Every insurance policy you own is an assurance that, if something bad happens to you, the business that covers the policy will make restitutions in one way or another without unreasonable delay. If your property is broken into, your property insurance agrees to remunerate you or enable the repairs, subject to state property damage laws.
But since ascertaining who is financially responsible for services or repairs is often a time-consuming affair – and delay in some cases compounds the damage to the victim – insurance firms often opt to pay up front and assign blame after the fact. They then need a mechanism to recoup the costs if, ultimately, they weren't in charge of the expense.
You rush into the emergency room with a sliced-open finger. You hand the receptionist your medical insurance card and he records your plan information. You get taken care of and your insurance company gets a bill for the services. But on the following day, when you get to work – where the injury happened – your boss hands you workers compensation forms to file. Your workers comp policy is in fact responsible for the invoice, not your medical insurance. It has a vested interest in getting that money back in some way.
How Subrogation Works
This is where subrogation comes in. It is the way that an insurance company uses to claim reimbursement when it pays out a claim that turned out not to be its responsibility. Some insurance firms have in-house property damage lawyers and personal injury attorneys, or a department dedicated to subrogation; others contract with a law firm. Normally, only you can sue for damages done to your person or property. But under subrogation law, your insurance company is given some of your rights for having taken care of the damages. It can go after the money that was originally due to you, because it has covered the amount already.

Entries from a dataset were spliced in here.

(* Let $G$ be a graph and $X,Y\subseteq V(G)$ disjoint such that $(X,Y)$ is induced $M_2$-free. Then for every integer $r\ge1$ there is an equipartition $X=X_1\cup\dots\cup X_r$ and a partition $Y=Y_1\cup\dots\cup Y_{r+1}$ (parts possibly empty) such that $(X_i,Y_j)$ is homogeneous for every $1\le i\le r$ and $1\le j\le r+1$ with $i\ne j$.
   Context: For disjoint $X,Y\subseteq V(G)$, an induced copy of $M_2$ in $(X,Y)$ is an unordered quadruple $x,x',y,y'$ with $x,x'\in X$, $y,y'\in Y$, $(x,y),(x',y')\in E(G)$ and $(x,y'),(x',y)\notin E(G)$; $(X,Y)$ is induced $M_2$-free if it contains no such copy. A pair $(A,B)$ of disjoint vertex sets is homogeneous if the bipartite graph of $G$ between $A$ and $B$ is complete or empty. A partition $\{P_1,\dots,P_r\}$ is an equipartition if $||P_i|-|P_j||\le1$ for all $i,j$. *)

From mathcomp Require Import all_boot.
Set Implicit Arguments. Unset Strict Implicit. Unset Printing Implicit Defensive.

Definition simple_graph (T : finType) (e : rel T) : Prop :=
  symmetric e /\ irreflexive e.

Definition induced_M2_free (T : finType) (e : rel T) (X Y : {set T}) : Prop :=
  ~ exists x x' y y',
      [/\ x \in X, x' \in X, y \in Y & y' \in Y] /\
      [/\ e x y, e x' y', ~~ e x y' & ~~ e x' y].

Definition homogeneous (T : finType) (e : rel T) (A B : {set T}) : Prop :=
  (forall a b, a \in A -> b \in B -> e a b) \/
  (forall a b, a \in A -> b \in B -> ~~ e a b).

Definition is_partition_of (T : finType) (n : nat) (P : 'I_n -> {set T})
    (S : {set T}) : Prop :=
  (forall i j, i != j -> [disjoint P i & P j]) /\
  \bigcup_(i < n) P i = S.

Definition is_equipartition_of (T : finType) (n : nat) (P : 'I_n -> {set T})
    (S : {set T}) : Prop :=
  is_partition_of P S /\ (forall i j, #|P i| <= (#|P j|).+1).

From mathcomp Require Import all_boot zify.
Set Implicit Arguments. Unset Strict Implicit. Unset Printing Implicit Defensive.

(* Since (X, Y) is induced M_2-free, the neighbourhoods in Y of the vertices
   of X form a chain under inclusion. Listing X by decreasing neighbourhood,
   the neighbours in X of each y in Y form an initial segment of length p y.
   Cut the list into r consecutive blocks of balanced sizes at positions
   c_0 = 0 <= c_1 <= ... <= c_r = |X|, and send y to the last index j with
   c_j <= p y.  Then y is adjacent to all of every block before j and to none
   of every block after j. *)

Lemma count_iota_interval a b m : b <= m ->
  count (fun k => a <= k < b) (iota 0 m) = b - a.
Proof.
elim: m b => [|m IHm] b le_bm.
  by move: le_bm; rewrite leqn0 => /eqP ->; rewrite sub0n.
rewrite -addn1 iotaD count_cat /= add0n addn0.
have [lt_bm | ge_bm] := ltnP m b; last by rewrite andbF addn0 IHm.
have -> : b = m.+1 by apply/eqP; rewrite eqn_leq le_bm lt_bm.
rewrite (@eq_in_count _ _ (fun k => a <= k < m)); last first.
  by move=> k; rewrite mem_iota add0n => /andP[_ lt_km]; rewrite lt_km ltnS (ltnW lt_km).
by rewrite IHm // andbT; case: leqP => /=; lia.
Qed.

Lemma count_index (U : eqType) (s : seq U) (a : pred nat) : uniq s ->
  count (fun x => a (index x s)) s = count a (iota 0 (size s)).
Proof.
case: s => [//|x0 s]; move: (x0 :: s) => {}s uniq_s.
rewrite -[s in count _ s](mkseq_nth x0 s) /mkseq count_map.
apply: eq_in_count => k; rewrite mem_iota add0n => /andP[_ lt_ks].
by rewrite /preim /= index_uniq.
Qed.

Lemma card_index_level_set (T : finType) (X : {set T}) (s : seq T) (a : pred nat) :
  uniq s -> s =i X -> #|[set x in X | a (index x s)]| = count a (iota 0 (size s)).
Proof.
move=> uniq_s sX; rewrite -count_index // -size_filter.
rewrite -(card_uniqP (filter_uniq _ uniq_s)).
by apply: eq_card => x; rewrite inE mem_filter -sX andbC.
Qed.

Lemma mem_prefix_find (U : eqType) (a : pred U) (s : seq U) x :
  sorted (fun x z => a z ==> a x) s -> x \in s ->
  a x = (index x s < find (predC a) s).
Proof.
move=> sorted_s xs; set k := find (predC a) s.
have [lt_xk | le_kx] := ltnP (index x s) k.
  by have := before_find x lt_xk; rewrite nth_index //= => /negbFE.
apply/negbTE/negP => ax.
have x_lt : index x s < size s by rewrite index_mem.
have has_s : has (predC a) s by rewrite has_find (leq_ltn_trans le_kx).
have k_lt : k < size s by rewrite /k -has_find.
have R_trans : transitive (fun x z => a z ==> a x).
  by move=> y x' z /implyP h1 /implyP h2; apply/implyP => /h2/h1.
have R_refl : reflexive (fun x z => a z ==> a x) by move=> ?; exact: implybb.
have := sorted_leq_nth R_trans R_refl x sorted_s _ _ k_lt x_lt le_kx.
by rewrite nth_index // ax (negbTE (nth_find x has_s)).
Qed.

Lemma level_sets_partition (T : finType) (m : nat) (f : T -> nat) (S : {set T}) :
  {in S, forall x, f x < m} ->
  is_partition_of (fun i : 'I_m => [set x in S | f x == i]) S.
Proof.
move=> f_lt; split=> [i j neq_ij | ].
  rewrite -setI_eq0; apply/eqP/setP => x; rewrite !inE.
  apply/negbTE; apply: contra neq_ij => /andP[/andP[_ /eqP fx_i] /andP[_ /eqP fx_j]].
  by rewrite -val_eqE /= -fx_i -fx_j.
apply/setP => x; apply/bigcupP/idP => [[i _] | Sx]; first by rewrite inE => /andP[].
by exists (Ordinal (f_lt x Sx)); rewrite // inE Sx /=.
Qed.

Lemma homogeneous_level_sets (T : finType) (e : rel T) (A B : {set T})
    (f g : T -> nat) (h : nat -> nat) (i j : nat) :
  {in A & B, forall a b, e a b = (f a < g b)} -> {homo h : k l / k <= l} -> i != j ->
  homogeneous e [set a in A | h (f a) == i] [set b in B | h (g b) == j].
Proof.
move=> adj h_homo neq_ij.
have [lt_ij | lt_ji | eq_ij] := ltngtP i j; last by rewrite eq_ij eqxx in neq_ij.
- left=> a b; rewrite !inE => /andP[Aa /eqP hfa] /andP[Bb /eqP hgb].
  by rewrite adj // ltnNge; apply: contraL lt_ij => /h_homo; rewrite hfa hgb -ltnNge.
- right=> a b; rewrite !inE => /andP[Aa /eqP hfa] /andP[Bb /eqP hgb].
  by rewrite adj //; apply: contraL lt_ji => /ltnW/h_homo; rewrite hfa hgb -ltnNge.
Qed.

Section NeighbourhoodChain.
Variables (T : finType) (e : rel T) (X Y : {set T}).

Definition nbhd x := [set y in Y | e x y].

Lemma M2_free_nbhd_total : induced_M2_free e X Y ->
  {in X &, total (fun x z => nbhd z \subset nbhd x)}.
Proof.
move=> M2_free x z Xx Xz; rewrite orbC.
case: (boolP (nbhd x \subset nbhd z)) => //= /subsetPn [y Nx_y Nz_y].
apply/subsetP => y' Nz_y'; apply/negPn/negP => Nx_y'; apply: M2_free.
move: Nx_y Nz_y Nz_y' Nx_y'; rewrite !inE => /andP[Yy exy].
rewrite Yy /= => nezy /andP[Yy' ezy']; rewrite Yy' /= => nexy'.
by exists x, z, y, y'.
Qed.

Lemma M2_free_threshold_order : induced_M2_free e X Y ->
  exists s (p : T -> nat),
    [/\ uniq s, s =i X & {in X & Y, forall x y, e x y = (index x s < p y)}].
Proof.
move=> /M2_free_nbhd_total nbhd_total.
set leN := fun x z => nbhd z \subset nbhd x.
pose s := sort leN (enum X).
have sorted_s : sorted leN s.
  apply: (@sort_sorted_in _ [pred x in X]) nbhd_total _ _.
  by apply/allP => x; rewrite mem_enum.
exists s, (fun y => find (predC (e^~ y)) s); split.
- by rewrite sort_uniq enum_uniq.
- by move=> x; rewrite mem_sort mem_enum.
move=> x y Xx Yy; apply: mem_prefix_find; last by rewrite mem_sort mem_enum.
apply: sub_sorted sorted_s => x1 x2 /subsetP sub12; apply/implyP => e2y.
by have := sub12 y; rewrite !inE Yy e2y => /(_ isT).
Qed.

End NeighbourhoodChain.

Section BalancedCuts.
Variables (r n : nat).
Hypothesis r_gt0 : 0 < r.

Definition cut i := i * n %/ r.

Lemma cut0 : cut 0 = 0.
Proof. by rewrite /cut mul0n div0n. Qed.

Lemma cut_full : cut r = n.
Proof. by rewrite /cut mulKn. Qed.

Lemma leq_cut i j : i <= j -> cut i <= cut j.
Proof. by move=> le_ij; rewrite leq_div2r // leq_mul2r le_ij orbT. Qed.

Lemma cut_gap i : cut i.+1 - cut i = n %/ r + (r <= i * n %% r + n %% r).
Proof. by rewrite /cut mulSn addnC divnD // -addnA addKn. Qed.

Lemma cut_gap_balanced i j : cut i.+1 - cut i <= (cut j.+1 - cut j).+1.
Proof. by rewrite !cut_gap; case: leqP; case: leqP; lia. Qed.

Definition part_of k : 'I_r.+1 := [arg max_(j > ord0 | cut j <= k) j].

Lemma part_ofP k :
  cut (part_of k) <= k /\ forall j, j <= r -> cut j <= k -> j <= part_of k.
Proof.
rewrite /part_of; case: arg_maxnP => [|i cut_i max_i]; first by rewrite cut0.
by split=> // j le_jr; exact: (max_i (Ordinal (le_jr : j < r.+1))).
Qed.

Lemma leq_part_of k l : k <= l -> part_of k <= part_of l.
Proof.
have [cut_k _] := part_ofP k; have [_ max_l] := part_ofP l.
by move=> le_kl; apply: max_l; [rewrite -ltnS | exact: leq_trans le_kl].
Qed.

Lemma part_ofE k i : i < r -> (part_of k == i :> nat) = (cut i <= k < cut i.+1).
Proof.
move=> lt_ir; have [cut_k max_k] := part_ofP k.
apply/eqP/andP => [def_i | [le_cut_k lt_k_cut]].
  rewrite -def_i cut_k ltnNge; split=> //; apply/negP => /max_k.
  by rewrite ltnn def_i => /(_ lt_ir).
apply/eqP; rewrite eqn_leq max_k ?(ltnW lt_ir) // andbT leqNgt.
by apply/negP => /leq_cut/leq_trans/(_ cut_k); rewrite leqNgt lt_k_cut.
Qed.

Lemma part_of_lt k : k < n -> part_of k < r.
Proof.
move=> lt_kn; have [cut_k _] := part_ofP k; rewrite ltn_neqAle -ltnS ltn_ord andbT.
by apply: contraTneq cut_k => ->; rewrite cut_full -ltnNge.
Qed.

Lemma count_part_of i : i < r ->
  count (fun k => part_of k == i :> nat) (iota 0 n) = cut i.+1 - cut i.
Proof.
move=> lt_ir; rewrite (eq_count (fun k => part_ofE k lt_ir)) count_iota_interval //.
by rewrite -[leqRHS]cut_full leq_cut.
Qed.
End BalancedCuts.

Theorem lemma2p2 (T : finType) (e : rel T) (X Y : {set T}) (r : nat) :
  simple_graph e ->
  [disjoint X & Y] ->
  induced_M2_free e X Y ->
  1 <= r ->
  exists (P : 'I_r -> {set T}) (Q : 'I_r.+1 -> {set T}),
    [/\ is_equipartition_of P X,
        is_partition_of Q Y &
        forall (i : 'I_r) (j : 'I_r.+1),
          (nat_of_ord i != nat_of_ord j) -> homogeneous e (P i) (Q j)].
Proof.
move=> _ _ /M2_free_threshold_order [s [p [uniq_s sX adj]]] r_gt0.
pose part k := nat_of_ord (part_of r (size s) k).
exists (fun i : 'I_r => [set x in X | part (index x s) == i]),
       (fun j : 'I_r.+1 => [set y in Y | part (p y) == j]).
split; [split | |].
- by apply: level_sets_partition => x Xx; rewrite part_of_lt // index_mem sX.
- move=> i j; rewrite (card_index_level_set (fun k => part k == i)) //.
  rewrite (card_index_level_set (fun k => part k == j)) // !count_part_of //.
  exact: cut_gap_balanced.
- by apply: level_sets_partition => y _; rewrite ltn_ord.
- move=> i j; apply: homogeneous_level_sets adj _ => k l; exact: leq_part_of.
Qed.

Why Does This Matter to Me?
For one thing, if you have a deductible, your insurance company wasn't the only one that had to pay. In a $10,000 accident with a $1,000 deductible, you lost some money too – to be precise, $1,000. If your insurance company is unconcerned with pursuing subrogation even when it is entitled, it might opt to recover its costs by boosting your premiums and call it a day. On the other hand, if it has a proficient legal team and pursues them efficiently, it is acting both in its own interests and in yours. If all is recovered, you will get your full thousand-dollar deductible back. If it recovers half (for instance, in a case where you are found one-half to blame), you'll typically get half your deductible back, depending on the laws in your state.

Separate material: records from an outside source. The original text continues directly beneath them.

(* The only terms of d(x_v x_l e_H) come from v and l, which are adjacent and
   hence both in P; they cancel by sgn_swap. *)
Lemma part_boundary_cycle m (W P : {set 'I_n}) : P \subset W ->
  (forall a b, a \in P -> b \in W -> e a b -> b \in P) ->
  forall c, c \in kbasis Gam m m.+2 ->
  \sum_(v in P) sgn W v * kentry F (bterm m.+1 W v) c = 0.
Proof.
move=> PW closedP c cC.
have [/existsP[v /andP[vP /(kentry_neq0 (F := F))[l [lc Wl cl]]]]|/existsPn c0] :=
  boolP [exists v in P, kentry F (bterm m.+1 W v) c != 0]; last first.
  by apply: big1 => v vP; move: (c0 v); rewrite vP negbK => /eqP ->; rewrite mulr0.
rewrite /= in Wl cl.
have vW : v \in W by apply: (subsetP PW).
have /setD1P[lv lW] : l \in W :\ v by rewrite Wl setU11.
have cvl t : (c.1 t : nat) = ((t == v) + (t == l))%N by rewrite cl mvarE.
have evl : e v l.
  move: cC; rewrite inE => /and4P[_ _ _ /clique_complexP]; apply; last by rewrite eq_sym.
    by rewrite inE cvl eqxx.
  by rewrite inE cvl eqxx addn1.
have lP : l \in P by apply: closedP evl.
have c2 : c.2 = W :\ v :\ l by rewrite Wl setU1K.
have vl : v != l by rewrite eq_sym.
rewrite (big_supp2 (y1 := v) (y2 := l)) //; last first.
  move=> t tP tv tl; apply/eqP; rewrite mulf_eq0; apply/orP; right.
  apply: contraTT isT => /(kentry_neq0 (F := F)) [l' [_ _ /(_ t)]] /=.
  by rewrite cvl mvarE eqxx (negbTE tv) (negbTE tl).
rewrite (kentryE F (l := l)) //= (kentryE F (l := v)) /=; first exact: sgn_swap.
- by rewrite c2 !inE eqxx andbF.
- apply/setP => t; rewrite c2 !inE.
  by case: (eqVneq t v) => [->|] //=; rewrite vW eq_sym lv.
- by move=> t; rewrite cvl mvarE addnC.
Qed.

Lemma kentry_deg2_neq0 m (y : T m.+1) s t (H : {set 'I_n}) :
  y \in kbasis Gam m.+1 m.+2 -> kentry F y (mvar2 m.+2 s t, H) != 0 ->
  y = (mvar m.+2 s, t |: H) \/ y = (mvar m.+2 t, s |: H).
Proof.
move=> yB /(kentry_neq0 (F := F))[l [_ y2 yl]].
have [b [y1 _]] := kbasis_deg1P yB.
have : mvar2 m.+2 b l = mvar2 m.+2 s t.
  by apply: monom_ext => u; rewrite [RHS]yl y1 !mvar2E mvarE.
case: y y1 y2 {yB yl} => ? ? /= -> ->.
by case/mvar2_eq=> -[-> ->]; [left|right].
Qed.

Definition kcycle m (g : T m.+1 -> F) :=
  forall c, c \in kbasis Gam m m.+2 ->
    \sum_(x in kbasis Gam m.+1 m.+2) g x * kentry F x c = 0.

Lemma kcycle_edge m g (W : {set 'I_n}) s t : kcycle g -> #|W| = m.+2 ->
  s \in W -> t \in W -> e s t -> g (bterm m.+1 W s) = 0 -> g (bterm m.+1 W t) = 0.
Proof.
move=> gC cW sW tW est gs.
have st : s != t by apply: contraTneq est => ->; rewrite (proj2 Ge).
have tWs : t \in W :\ s by rewrite !inE eq_sym st.
have cWs : #|W :\ s| = m.+1 by move: cW; rewrite (cardsD1 s) sW add1n => -[].
have cWst : #|W :\ s :\ t| = m by move: cWs; rewrite (cardsD1 t) tWs add1n => -[].
have Ws : t |: (W :\ s :\ t) = W :\ s by rewrite setD1K.
have Wt : s |: (W :\ s :\ t) = W :\ t.
  apply/setP => u; rewrite !inE; case: (eqVneq u s) => [->|] /=; last by case: (u == t).
  by rewrite st sW.
have := gC _ (mem_kbasis_deg2 Ge (or_intror est) cWst).
rewrite (big_supp2 (y1 := bterm m.+1 W s) (y2 := bterm m.+1 W t)); first last.
- move=> y yB ys yt; apply/eqP; rewrite mulf_eq0; apply/orP; right.
  apply: contraTT isT => /(kentry_deg2_neq0 yB)[] yE; move: ys yt; rewrite yE /bterm.
    by rewrite Ws eqxx.
  by rewrite Wt eqxx.
- by apply: contra st => /eqP/bterm_inj->.
- exact: mem_bterm.
- exact: mem_bterm.
rewrite gs mul0r add0r (kentryE F (l := s)) /=.
- by move/eqP; rewrite mulf_eq0 (negbTE (sgn_neq0 _ _ _)) orbF => /eqP.
- by rewrite !inE eqxx andbF.
- by rewrite Wt.
- by move=> u; rewrite mvar2E mvarE addnC.
Qed.

Lemma kcycle_sq m g a (G : {set 'I_n}) : kcycle g -> #|G| = m.+1 -> a \in G ->
  g (mvar m.+2 a, G) = 0.
Proof.
move=> gC cG aG.
have cGa : #|G :\ a| = m by move: cG; rewrite (cardsD1 a) aG add1n => -[].
have := gC _ (mem_kbasis_deg2 Ge (or_introl (erefl a)) cGa).
rewrite (big_supp1 (y1 := (mvar m.+2 a, G))); first last.
- move=> y yB ya; apply/eqP; rewrite mulf_eq0; apply/orP; right.
  by apply: contraTT isT => /(kentry_deg2_neq0 yB)[] yE; move: ya; rewrite yE setD1K // eqxx.
- exact: mem_kbasis_deg1.
rewrite (kentryE F (l := a)) /=.
- by move/eqP; rewrite mulf_eq0 (negbTE (sgn_neq0 _ _ _)) orbF => /eqP.
- by rewrite !inE eqxx.
- by rewrite setD1K.
- by move=> u; rewrite mvar2E mvarE.
Qed.

Definition pick_bterm i (W : {set 'I_n}) : T i :=
  if [pick v in W] is Some r then bterm i W r else (mone n i.+1, W).

Lemma pick_btermP i (W : {set 'I_n}) : #|W| = i.+1 ->
  exists2 r, r \in W & pick_bterm i W = bterm i W r.
Proof.
move=> cW; have /set0Pn[x xW] : W != set0 by rewrite -card_gt0 cW.
rewrite /pick_bterm.
by case: pickP => [r rW|/(_ x)]; [exists r | rewrite xW].
Qed.

(* Once a cycle vanishes on pick_bterm W, kcycle_edge propagates this to every
   bterm W v along the connected induced graph on W, and kcycle_sq covers
   the basis elements x_a e_G with a in G. *)
Lemma kcycle_eq0 m g : (forall W : {set 'I_n}, #|W| = m.+2 -> connected_minus e (~: W)) ->
  kcycle g -> (forall W : {set 'I_n}, #|W| = m.+2 -> g (pick_bterm m.+1 W) = 0) ->
  {in kbasis Gam m.+1 m.+2, forall x, g x = 0}.
Proof.
move=> conn gC g_pick [x1 G] xB; have [a [/= -> cG]] := kbasis_deg1P xB.
have [aG|aG] := boolP (a \in G); first exact: kcycle_sq.
set W := a |: G; have cW : #|W| = m.+2 by rewrite cardsU1 aG cG.
have aW : a \in W by rewrite setU11.
have [r rW pickW] := pick_btermP cW.
set R := [rel x y | [&& e x y, x \notin ~: W & y \notin ~: W]].
have closedR : closed R [pred v | g (bterm m.+1 W v) == 0].
  move=> u v /and3P[euv]; rewrite !in_setC !negbK => uW vW /=.
  apply/eqP/eqP; first exact: kcycle_edge.
  by apply: kcycle_edge => //; rewrite (proj1 Ge).
have /(closed_connect closedR) : connect R r a.
  by move/forallP/(_ r)/forallP/(_ a)/implyP: (conn W cW); rewrite !in_setC !negbK rW aW; apply.
by rewrite !inE -pickW g_pick // /bterm setU1K // eqxx => /esym/eqP.
Qed.

Lemma kbasis01_pick_bterm x : x \in kbasis Gam 0 1 ->
  exists2 W : {set 'I_n}, #|W| = 1%N & x = pick_bterm 0 W.
Proof.
case: x => _ G /kbasis_deg1P[a [/= -> /eqP]]; rewrite cards_eq0 => /eqP->.
exists [set a]; first by rewrite cards1.
have [r] := pick_btermP (cards1 a).
by rewrite inE => /eqP-> ->; rewrite /bterm setDv.
Qed.

Definition sep_form i (W : {set 'I_n}) p q (x : T i) : F :=
  sgn W p * (x == bterm i W p)%:R - sgn W q * (x == bterm i W q)%:R.

Lemma sep_form_bterm i (W S : {set 'I_n}) p q v : p \in W -> q \in W -> v \in S ->
  sep_form W p q (bterm i S v) =
  if S == W then sgn W p * (v == p)%:R - sgn W q * (v == q)%:R else 0.
Proof.
move=> pW qW vS; rewrite /sep_form.
case: (eqVneq S W) => [->|SW]; first by rewrite !(inj_eq (@bterm_inj _ _)).
have E u : u \in W -> (bterm i S v == bterm i W u) = false.
  by move=> uW; apply/negP => /eqP /(bterm_eq vS uW) [/eqP]; rewrite (negbTE SW).
by rewrite !E // !mulr0 subrr.
Qed.

Lemma sep_form_boundary i (W : {set 'I_n}) p q (a : T i) :
  p \in W -> q \in W -> p != q -> a \in kbasis Gam i.+1 i.+1 ->
  \sum_(x in kbasis Gam i i.+1) kentry F a x * sep_form W p q x = 0.
Proof.
case: a => a1 S pW qW pq aA; have [/= -> cS] := kbasis_deg0P aA.
under eq_bigr do rewrite kentry_deg0.
rewrite sum_part_boundary => [|v vS]; last exact: mem_bterm.
under eq_bigr => v vS do rewrite sep_form_bterm //.
have [->|_] := eqVneq S W; last by rewrite big1 // => v _; rewrite mulr0.
under eq_bigr do rewrite mulrBr.
rewrite sumrB (big_supp1 (y1 := p)) ?(big_supp1 (y1 := q)) ?eqxx ?mulr1 ?sgnMsgn ?subrr //.
  by move=> y _ /negbTE->; rewrite !mulr0.
by move=> y _ /negbTE->; rewrite !mulr0.
Qed.

Lemma sep_form_part_boundary i (W P : {set 'I_n}) p q :
  #|W| = i.+1 -> P \subset W -> p \in P -> q \in W -> q \notin P ->
  \sum_(x in kbasis Gam i i.+1) part_boundary W P x * sep_form W p q x = 1.
Proof.
move=> cW PW pP qW qP.
have vq v : v \in P -> (v == q) = false by move=> vP; apply: contraNF qP => /eqP<-.
rewrite sum_part_boundary => [|v /(subsetP PW)]; last exact: mem_bterm.
have pW := subsetP PW p pP.
rewrite (big_supp1 (y1 := p)) // => [|v vP vp].
  by rewrite sep_form_bterm // !eqxx vq // mulr0 subr0 mulr1 sgnMsgn.
by rewrite sep_form_bterm ?(subsetP PW v vP) // eqxx (negbTE vp) vq // !mulr0 subrr mulr0.
Qed.

End LinearStrand.

Section LinearStrandBetti.
Local Open Scope ring_scope.
Variables (F : fieldType) (n : nat) (e : rel 'I_n).
Hypothesis Ge : simple_graph e.
Local Notation Gam := (clique_complex e).
Local Notation part_boundary := (part_boundary F).
Local Notation sep_form := (sep_form F).

Definition pick_bterm_mx i : 'M[F]_(#|kbasis Gam i i.+1|, #|kbasis Gam i.+1 i.+1|) :=
  \matrix_(r, c) (enum_val r == pick_bterm i (enum_val c).2)%:R.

Moreover, if the total price of an accident is more than your maximum coverage amount, you may have had to pay the difference. If your insurance company or its property damage lawyers, such as workers compensation Austell GA, pursue subrogation and succeeds, it will recover your expenses as well as its own.
All insurers are not the same. When comparing, it's worth examining the records of competing firms to find out whether they pursue legitimate subrogation claims; if they resolve those claims without dragging their feet; if they keep their accountholders updated as the case goes on; and if they then process successfully won reimbursements immediately so that you can get your money back and move on with your life. If, instead, an insurance company has a reputation of honoring claims that aren't its responsibility and then protecting its profit margin by raising your premiums, you should keep looking.